TASK DESCRIPTION:
Please quote exactly the lines below from the line containing "eq_sym (gtn_eqF p_gt1)." to the line containing "Lemma Tp_defect_polyOver (R", both lines included, and nothing else.

INPUT DATA START

(* Let $p$ be a prime and write $T_p(z)=\prod_{j=1}^{\infty}(1-z^{p^{j}})^{-1/p^{j}}=\sum_{n\ge0}t_p(n)z^n$ for $|z|<1$. For all $n\ge0$, the coefficient $t_p(n)$ is a rational number whose denominator contains no prime factor other than $p$; that is, \[ t_p(n)\in\left\{\frac{a}{p^k}: a\in\mathbb{Z},\ k\ge 0\right\}. \]
   Context: For $|z|<1$, each factor $(1-z^{p^j})^{-1/p^j}$ is defined using the principal branch; the product converges absolutely and defines an analytic function on the open unit disk, whose Taylor expansion at $0$ has coefficients $t_p(n)$. *)

From mathcomp Require Import all_boot all_order all_algebra.
From mathcomp Require Import all_classical all_reals all_analysis.
Set Implicit Arguments. Unset Strict Implicit. Unset Printing Implicit Defensive.
Import Order.TTheory GRing.Theory Num.Theory.
Local Open Scope ring_scope.

(* N-th partial product  prod_{j=1}^{N} (1 - z^{p^j})^{-1/p^j},
   for real z with |z| < 1 (then 1 - z^{p^j} > 0 and the principal-branch
   power is the real power powR). *)
Definition Tp_partial (R : realType) (p : nat) (z : R) (N : nat) : R :=
  \prod_(1 <= j < N.+1) powR (1 - z ^+ (p ^ j)) (- ((p ^ j)%:R)^-1).

Definition in_Z_inv_p (R : realType) (p : nat) (x : R) : Prop :=
  exists (a : int) (k : nat), x = a%:~R / (p ^ k)%:R.

From HB Require Import structures.
From mathcomp Require Import all_boot all_order all_algebra.
From mathcomp Require Import all_classical all_reals all_analysis.
From mathcomp Require Import ring lra.
Import Order.TTheory GRing.Theory Num.Theory numFieldNormedType.Exports.
Set Implicit Arguments.
Unset Strict Implicit.
Local Open Scope classical_set_scope.
Local Open Scope ring_scope.

(* Telescoping the partial products gives the functional equation
   T(z)^p (1 - z^p) = T(z^p) for |z| < 1. Let F_n = sum_(k < n) t(k) X^k.
   Since T - F_(n+1) = O(z^(n+1)) as z -> 0+, so is the polynomial
   F_(n+1)^p (1 - X^p) - F_(n+1)(X^p), whose coefficient of X^n therefore
   vanishes. That coefficient is the one for F_n, an integer polynomial
   expression in t(0), ..., t(n-1), plus p t(n) t(0)^(p-1), and t(0) = 1;
   so by induction every t(n) lies in Z[1/p]. *)

(* Membership is written [x * p^k = a] rather than [x = a / p^k] so that the
   closure properties hold without assuming [p != 0]. *)
Definition Zinvp (R : pzRingType) (p : nat) : {pred R} :=
  fun x => `[< exists (a : int) (k : nat), x * (p ^ k)%:R = a%:~R >].
Arguments Zinvp : clear implicits.

Lemma Zinvp_subring_closed (R : comPzRingType) (p : nat) : subring_closed (Zinvp R p).
Proof.
split.
- by apply/asboolP; exists 1, 0%N; rewrite mulr1.
- move=> x y /asboolP[a [k xk]] /asboolP[b [l yl]]; apply/asboolP.
  exists (a * (p ^ l)%:Z - b * (p ^ k)%:Z), (k + l)%N.
  have -> : (x - y) * (p ^ (k + l))%:R =
      x * (p ^ k)%:R * (p ^ l)%:R - y * (p ^ l)%:R * (p ^ k)%:R.
    by rewrite expnD natrM; ring.
  by rewrite xk yl rmorphB !rmorphM /= !pmulrn.
- move=> x y /asboolP[a [k xk]] /asboolP[b [l yl]]; apply/asboolP.
  exists (a * b), (k + l)%N.
  by rewrite expnD natrM mulrACA xk yl rmorphM.
Qed.

HB.instance Definition _ (R : comPzRingType) (p : nat) :=
  GRing.isSubringClosed.Build R (Zinvp R p) (Zinvp_subring_closed R p).

Lemma Zinvp_natV (R : numFieldType) (p : nat) : (0 < p)%N -> p%:R^-1 \in Zinvp R p.
Proof.
by move=> p_gt0; apply/asboolP; exists 1, 1%N; rewrite expn1 mulVf ?pnatr_eq0 -?lt0n.
Qed.

Lemma Zinvp_in_Z_inv_p (R : realType) (p : nat) (x : R) :
  (0 < p)%N -> x \in Zinvp R p -> in_Z_inv_p p x.
Proof.
move=> p_gt0 /asboolP[a [k xk]]; exists a, k.
by rewrite -xk mulfK // pnatr_eq0 -lt0n expn_gt0 p_gt0.
Qed.

Lemma normr_horner_le (R : numDomainType) (P : {poly R}) (z : R) :
  `|z| <= 1 -> `|P.[z]| <= \sum_(i < size P) `|P`_i|.
Proof.
move=> z_le1; rewrite horner_coef; apply: (le_trans (ler_norm_sum _ _ _)).
apply: ler_sum => i _; rewrite normrM normrX ler_piMr //.
exact: exprn_ile1.
Qed.

Lemma normrXB_le (R : numDomainType) (x y B : R) (n : nat) :
  `|x| <= B -> `|y| <= B -> `|x ^+ n - y ^+ n| <= n%:R * B ^+ n.-1 * `|x - y|.
Proof.
move=> xB yB; case: n => [|n]; first by rewrite !expr0 subrr normr0 mul0r.
rewrite subrXX normrM mulrC ler_wpM2r //.
have -> : n.+1%:R * B ^+ n.+1.-1 = \sum_(i < n.+1) B ^+ n.
  by rewrite sumr_const card_ord mulr_natl.
apply: (le_trans (ler_norm_sum _ _ _)); apply: ler_sum => i _.
rewrite normrM !normrX /= -[in B ^+ n](subnK (ltnSE (ltn_ord i))) exprD.
by apply: ler_pM; rewrite ?exprn_ge0 // lerXn2r // nnegrE (le_trans _ xB).
Qed.

Lemma horner0_eq0_bigO (R : realType) (P : {poly R}) (C d : R) (m : nat) :
  0 < d -> (forall z, 0 < z < d -> `|P.[z]| <= C * z ^+ m.+1) -> P.[0] = 0.
Proof.
move=> d_gt0 PC; apply/normr0_eq0.
have normP_cvg : `|P.[z]| @[z --> 0^'+] --> `|P.[0]|.
  by apply: cvg_at_right_filter; apply: cvg_norm; exact: continuous_horner.
pose Q : {poly R} := C *: 'X^(m.+1).
have Q_cvg0 : Q.[z] @[z --> 0^'+] --> 0.
  have Q0 : Q.[0] = 0 by rewrite /Q hornerZ hornerXn expr0n mulr0.
  by rewrite -{2}Q0; apply: cvg_at_right_filter; exact: continuous_horner.
have normP_cvg0 : `|P.[z]| @[z --> 0^'+] --> 0.
  apply: (@squeeze_cvgr _ _ _ _ (cst 0) (horner Q)); last 2 first.
  - exact: cvg_cst.
  - exact: Q_cvg0.
  near=> z; rewrite normr_ge0 /Q hornerZ hornerXn /=; apply: PC.
  apply/andP; split; near: z; [exact: nbhs_right_gt | exact: nbhs_right_lt].
exact: (cvg_unique _ normP_cvg normP_cvg0).
Unshelve. all: by end_near.
Qed.

Lemma coef_eq0_bigO (R : realType) (m : nat) (P : {poly R}) (C d : R) :
  0 < d -> (forall z, 0 < z < d -> `|P.[z]| <= C * z ^+ m) ->
  forall k, (k < m)%N -> P`_k = 0.
Proof.
elim: m P => [//|m IHm] P d_gt0 PC k.
have /factor_theorem[Q PQ] : root P 0 by apply/eqP; exact: horner0_eq0_bigO PC.
rewrite {}PQ polyC0 subr0 in PC *; rewrite coefMX.
case: k => [//|k] /= ltkm; apply: (IHm Q d_gt0) => // z /[dup] z_range /andP[z_gt0 _].
have := PC z z_range; rewrite hornerMX normrM (gtr0_norm z_gt0) exprSr mulrA.
by rewrite ler_pM2r.
Qed.

Lemma series_tail_le (R : realType) (u : R ^nat) (M w a : R) (m : nat) :
  (forall k, `|u k| <= M * 2 ^+ k) -> 0 < w <= 4^-1 ->
  series (fun k => u k * w ^+ k) @ \oo --> a ->
  `|a - \sum_(k < m) u k * w ^+ k| <= 2 * M * (2 * w) ^+ m.
Proof.
move=> uM /andP[w_gt0 w_le] ua.
have M_ge0 : 0 <= M by have := uM 0%N; rewrite expr0 mulr1; apply: le_trans.
have w2_gt0 : 0 < 2 * w by rewrite mulr_gt0.
have w2_lt1 : `|2 * w| < 1 by rewrite gtr0_norm //; lra.
have tail_cvg : `|series (fun k => u k * w ^+ k) N - \sum_(k < m) u k * w ^+ k|
    @[N --> \oo] --> `|a - \sum_(k < m) u k * w ^+ k|.
  by apply: cvg_norm; apply: cvgB => //; exact: cvg_cst.
rewrite -(cvg_lim _ tail_cvg) //; apply: limr_le; first exact: cvgP tail_cvg.
near=> N; have mN : (m <= N)%N by near: N; exact: nbhs_infty_ge.
rewrite /series /= -(subnKC mN) (big_cat_nat (leq0n m) (leq_addr _ _)) /=.
rewrite big_mkord addrAC subrr add0r.
apply: (le_trans (ler_norm_sum _ _ _)).
apply: (@le_trans _ _ (M * \sum_(m <= k < m + (N - m)) (2 * w) ^+ k)).
  rewrite mulr_sumr; apply: ler_sum => k _.
  rewrite normrM normrX (gtr0_norm w_gt0) exprMn mulrA.
  by rewrite ler_wpM2r // exprn_ge0 // ltW.
rewrite geometric_partial_tail [2 * M]mulrC -mulrA ler_wpM2l //.
apply: (le_trans (geometric_le_lim _ (exprn_ge0 _ (ltW w2_gt0)) w2_gt0 w2_lt1)).
rewrite [X in _ <= X]mulrC ler_wpM2l ?exprn_ge0 ?(ltW w2_gt0) //.
rewrite (@invf_ple _ (1 - 2 * w) 2) ?posrE; lra.
Unshelve. all: by end_near.
Qed.

Lemma Tp_partialS (R : realType) (p : nat) (z : R) (N : nat) :
  (0 < p)%N -> `|z| < 1 ->
  Tp_partial p z N.+1 ^+ p * (1 - z ^+ p) = Tp_partial p (z ^+ p) N.
Proof.
move=> p_gt0 z_lt1.
have p_neq0 : p%:R != 0 :> R by rewrite pnatr_eq0 -lt0n.
have powRX (x r : R) n : x `^ r ^+ n = x `^ (r * n%:R).
  by rewrite powRrM powR_mulrn // powR_ge0.
have zp_gt0 : 0 < 1 - z ^+ p.
  by rewrite subr_gt0 (le_lt_trans (ler_norm _)) // normrX exprn_ilt1 // -lt0n.
rewrite /Tp_partial big_ltn // exprMn -prodrXl mulrAC expn1 powRX mulNr mulVf //.
rewrite powRN powRr1 ?ltW // mulVf ?gt_eqF // mul1r big_add1 /=.
by apply: eq_bigr => j _; rewrite powRX expnS exprM natrM invfM mulNr mulrAC mulVf // mul1r.
Qed.

Lemma coef_exprD_scaleXn (R : comNzRingType) (G Q : {poly R}) (c : R) (n p : nat) :
  (0 < n)%N ->
  ((G + c *: 'X^n) ^+ p * Q)`_n = (G ^+ p * Q)`_n + c * p%:R * G`_0 ^+ p.-1 * Q`_0.
Proof.
move=> n_gt0; case: p => [|p]; first by rewrite !expr0 mulr0 !mul0r addr0.
set F := G + c *: 'X^n; set S := \sum_(i < p.+1) F ^+ (p - i) * G ^+ i.
have F0 : F.[0] = G.[0].
  by rewrite hornerD hornerZ hornerXn expr0n gtn_eqF // mulr0 addr0.
have S0 : S`_0 = p.+1%:R * G`_0 ^+ p.
  rewrite -horner_coef0 horner_sum (eq_bigr (fun=> G`_0 ^+ p)) => [|i _].
    by rewrite sumr_const card_ord mulr_natl.
  by rewrite hornerM !horner_exp F0 -exprD subnK ?horner_coef0 // -ltnS.
have -> : F ^+ p.+1 = G ^+ p.+1 + 'X^n * (c *: S).
  by rewrite -[F ^+ _](subrK (G ^+ p.+1)) subrXX addrC /F addrAC subrr add0r -scalerAl scalerAr.
by rewrite mulrDl coefD -mulrA coefXnM ltnn subnn coef0M coefZ S0 /= !mulrA.
Qed.

(* Zero for the power series of T_p, by the functional equation
   T(z)^p (1 - z^p) = T(z^p). *)
Definition Tp_defect {R : comNzRingType} (p : nat) (F : {poly R}) : {poly R} :=
  F ^+ p * (1 - 'X^p) - (F \Po 'X^p).

Lemma coef_Tp_defect_addXn (R : comNzRingType) (G : {poly R}) (c : R) (n p : nat) :
  (0 < n)%N -> (1 < p)%N ->
  (Tp_defect p (G + c *: 'X^n))`_n = (Tp_defect p G)`_n + c * p%:R * G`_0 ^+ p.-1.
Proof.
move=> n_gt0 p_gt1; rewrite /Tp_defect !coefB coef_exprD_scaleXn //.
rewrite comp_polyD comp_polyZ comp_Xn_poly -exprM (coefD (G \Po _)) coefZ coefXn.
have -> : (n == p * n) = false.
  by rewrite -{1}[n]mul1n eqn_mul2r (gtn_eqF n_gt0) eq_sym (gtn_eqF p_gt1).
rewrite mulr0 addr0.
rewrite coefB coef1 coefXn [0%N == p]eq_sym (gtn_eqF (ltnW p_gt1)) subr0 mulr1.
by rewrite addrAC.
Qed.

Lemma Tp_defect_polyOver (R : comNzRingType) (S : subringClosed R) (p : nat) (F : {poly R}) :
  F \is a polyOver S -> Tp_defect p F \is a polyOver S.
Proof.
move=> FS; rewrite /Tp_defect rpredB ?rpredM ?rpredX ?rpredB ?rpred1 ?polyOverXn //.
exact: polyOver_comp (polyOverXn _ _).
Qed.

Section TpCoefficients.

Variables (R : realType) (p : nat) (t : nat -> R).
Hypothesis p_prime : prime p.
Hypothesis Tp_series : forall z : R, `|z| < 1 ->
  exists l : R, (Tp_partial p z @ \oo --> l) /\ (series (fun n => t n * z ^+ n) @ \oo --> l).

Definition tsum (z : R) : R := limn (series (fun n => t n * z ^+ n)).

Lemma tsum_cvg (z : R) : `|z| < 1 ->
  series (fun n => t n * z ^+ n) @ \oo --> tsum z /\ Tp_partial p z @ \oo --> tsum z.
Proof. by move=> /Tp_series[l [Tl sl]]; rewrite /tsum (cvg_lim _ sl). Qed.

Lemma tsum_feq (z : R) : `|z| < 1 -> tsum z ^+ p * (1 - z ^+ p) = tsum (z ^+ p).
Proof.
move=> z_lt1; have p_gt0 := prime_gt0 p_prime.
have zp_lt1 : `|z ^+ p| < 1 by rewrite normrX exprn_ilt1 // -lt0n.
have [_ Tz] := tsum_cvg z_lt1; have [_ Tzp] := tsum_cvg zp_lt1.
have Tz_feq : Tp_partial p z N.+1 ^+ p * (1 - z ^+ p) @[N --> \oo] -->
    tsum z ^+ p * (1 - z ^+ p).
  apply: cvgM; last exact: cvg_cst.
  by apply: (continuous_cvg _ (@exprn_continuous R p _)); rewrite cvg_shiftS.
rewrite (funext (fun N => Tp_partialS N p_gt0 z_lt1)) in Tz_feq.
exact: cvg_unique Tz_feq Tzp.
Qed.

Lemma t0_eq1 : t 0 = 1.
Proof.
have [s0 T0] : series (fun n => t n * 0 ^+ n) @ \oo --> tsum 0 /\
    Tp_partial p 0 @ \oo --> tsum 0 by apply: tsum_cvg; rewrite normr0 ltr01.
have T1 : Tp_partial p (0 : R) = cst 1.
  apply: funext => N; rewrite /Tp_partial big1 // => j _.
  by rewrite expr0n expn_eq0 (gtn_eqF (prime_gt0 p_prime)) /= mulr0n subr0 powR1.
have s1 : [sequence series (fun n => t n * 0 ^+ n) N.+1]_N = cst (t 0).
  apply: funext => N; rewrite /series /= big_nat_recl // expr0 mulr1 big1 ?addr0 //.
  by move=> i _; rewrite expr0n mulr0.
rewrite T1 in T0; rewrite -cvg_shiftS s1 in s0.
have -> : t 0 = tsum 0 by exact: (cvg_unique _ (cvg_cst _) s0).
exact: (cvg_unique _ T0 (cvg_cst (1 : R))).
Qed.

Lemma coef_le_geometric : exists M : R, forall k, `|t k| <= M * 2 ^+ k.
Proof.
have half_lt1 : `|2^-1 : R| < 1 by rewrite ger0_norm; lra.
have [s_half _] := tsum_cvg half_lt1.
have /cvg_series_bounded[M0 [_ M0_bound]] : cvgn (series (fun k => t k * 2^-1 ^+ k)).
  by apply/cvg_ex; exists (tsum 2^-1).
exists (`|M0| + 1) => k.
have M0_lt : M0 < `|M0| + 1 by rewrite (le_lt_trans (ler_norm _)) // ltrDl.
have := M0_bound _ M0_lt k I.
by rewrite /= normrM normrX [`|2^-1|]ger0_norm // exprVn ler_pdivrMr // exprn_gt0.
Qed.

Lemma tsum_trunc_bigO (n : nat) : exists2 C : R, 0 <= C &
  forall z, 0 < z <= 4^-1 -> `|tsum z - (\poly_(k < n) t k).[z]| <= C * z ^+ n.
Proof.
have [M tM] := coef_le_geometric.
have M_ge0 : 0 <= M by have := tM 0%N; rewrite expr0 mulr1; exact: le_trans.
exists (2 * M * 2 ^+ n); first by rewrite !mulr_ge0 ?exprn_ge0.
move=> z /[dup] z_range /andP[z_gt0 z_le].
have z_lt1 : `|z| < 1 by rewrite gtr0_norm //; lra.
have [s_z _] := tsum_cvg z_lt1.
by rewrite horner_poly -mulrA -exprMn; exact: series_tail_le.
Qed.

Lemma Tp_defect_trunc_bigO (n : nat) : exists C : R,
  forall z, 0 < z < 4^-1 -> `|(Tp_defect p (\poly_(k < n) t k)).[z]| <= C * z ^+ n.
Proof.
have [C C_ge0 fF] := tsum_trunc_bigO n.
set F := \poly_(k < n) t k in fF *.
set B := \sum_(i < size F) `|F`_i| + C.
have B_ge0 : 0 <= B by rewrite addr_ge0 // sumr_ge0.
exists (p%:R * B ^+ p.-1 * C + C) => z /andP[z_gt0 z_lt].
have z_range : 0 < z <= 4^-1 by rewrite z_gt0 ltW.
have z_le1 : `|z| <= 1 by rewrite gtr0_norm //; lra.
have zp_le : z ^+ p <= z.
  by rewrite -(prednK (prime_gt0 p_prime)) exprS ler_piMr ?exprn_ile1 ?ltW //; lra.
have zp_range : 0 < z ^+ p <= 4^-1 by rewrite exprn_gt0 //= (le_trans zp_le) ?ltW.
have zp_norm : `|1 - z ^+ p| <= 1.
  by rewrite ger0_norm ?subr_ge0 ?gerBl ?exprn_ge0 ?ltW //; lra.
have Fz_le : `|F.[z]| <= B by rewrite ler_wpDr // normr_horner_le.
have fz_le : `|tsum z| <= B.
  rewrite -[tsum z](subrK F.[z]) (le_trans (ler_normD _ _)) // addrC lerD //.
    exact: normr_horner_le.
  apply: (le_trans (fF z z_range)); apply: ler_piMr => //.
  by apply: exprn_ile1; [exact: ltW | lra].
have -> : (Tp_defect p F).[z] =
    (F.[z] ^+ p - tsum z ^+ p) * (1 - z ^+ p) - (F.[z ^+ p] - tsum (z ^+ p)).
  rewrite -tsum_feq ?gtr0_norm //; last lra.
  by rewrite /Tp_defect !hornerE horner_comp !hornerE; ring.
apply: (le_trans (ler_normB _ _)); rewrite [X in _ <= X]mulrDl; apply: lerD.
  rewrite normrM; apply: (le_trans (ler_piMr (normr_ge0 _) zp_norm)).
  apply: (le_trans (normrXB_le _ Fz_le fz_le)).
  rewrite -[X in _ <= X]mulrA ler_wpM2l ?mulr_ge0 ?exprn_ge0 // distrC.
  exact: fF.
rewrite distrC; apply: (le_trans (fF _ zp_range)); rewrite ler_wpM2l //.
by apply: lerXn2r; rewrite // nnegrE ?exprn_ge0 // ltW.
Qed.

Lemma coef_Tp_defect_trunc_eq0 (n : nat) : (Tp_defect p (\poly_(k < n.+1) t k))`_n = 0.
Proof.
have [C defect_bound] := Tp_defect_trunc_bigO n.+1.
by apply: (coef_eq0_bigO _ defect_bound) => //; rewrite invr_gt0.
Qed.

Lemma t_Zinvp (n : nat) : t n \in Zinvp R p.
Proof.
elim/ltn_ind: n => -[_|n IHn]; first by rewrite t0_eq1 rpred1.
have p_neq0 : p%:R != 0 :> R by rewrite pnatr_eq0 -lt0n prime_gt0.
set D := Tp_defect p (\poly_(k < n.+1) t k).
have trunc_rec : \poly_(k < n.+2) t k = \poly_(k < n.+1) t k + t n.+1 *: 'X^(n.+1).
  by rewrite !poly_def big_ord_recr.
have := coef_Tp_defect_trunc_eq0 n.+1.
rewrite trunc_rec coef_Tp_defect_addXn ?prime_gt1 // -/D coef_poly /= t0_eq1.
rewrite expr1n mulr1 => /eqP; rewrite addr_eq0 => /eqP tn.
have -> : t n.+1 = - D`_n.+1 / p%:R by rewrite tn opprK mulfK.
rewrite rpredM ?rpredN ?Zinvp_natV ?prime_gt0 //.
by apply/polyOverP/Tp_defect_polyOver/polyOver_poly => k; exact: IHn.
Qed.

End TpCoefficients.

Theorem proposition1p8 (R : realType) (p : nat) (t : nat -> R) :
  prime p ->
  (forall z : R, `|z| < 1 ->
     exists l : R,
       (Tp_partial p z @ \oo --> l) /\
       (series (fun n => t n * z ^+ n) @ \oo --> l)) ->
  forall n : nat, in_Z_inv_p p (t n).
Proof.
move=> p_prime Tp_series n.
exact: Zinvp_in_Z_inv_p (prime_gt0 p_prime) (t_Zinvp p_prime Tp_series n).
Qed.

INPUT DATA END

OUTPUT OF THE EXERCISE:
  by rewrite -{1}[n]mul1n eqn_mul2r (gtn_eqF n_gt0) eq_sym (gtn_eqF p_gt1).
rewrite mulr0 addr0.
rewrite coefB coef1 coefXn [0%N == p]eq_sym (gtn_eqF (ltnW p_gt1)) subr0 mulr1.
by rewrite addrAC.
Qed.

Lemma Tp_defect_polyOver (R : comNzRingType) (S : subringClosed R) (p : nat) (F : {poly R}) :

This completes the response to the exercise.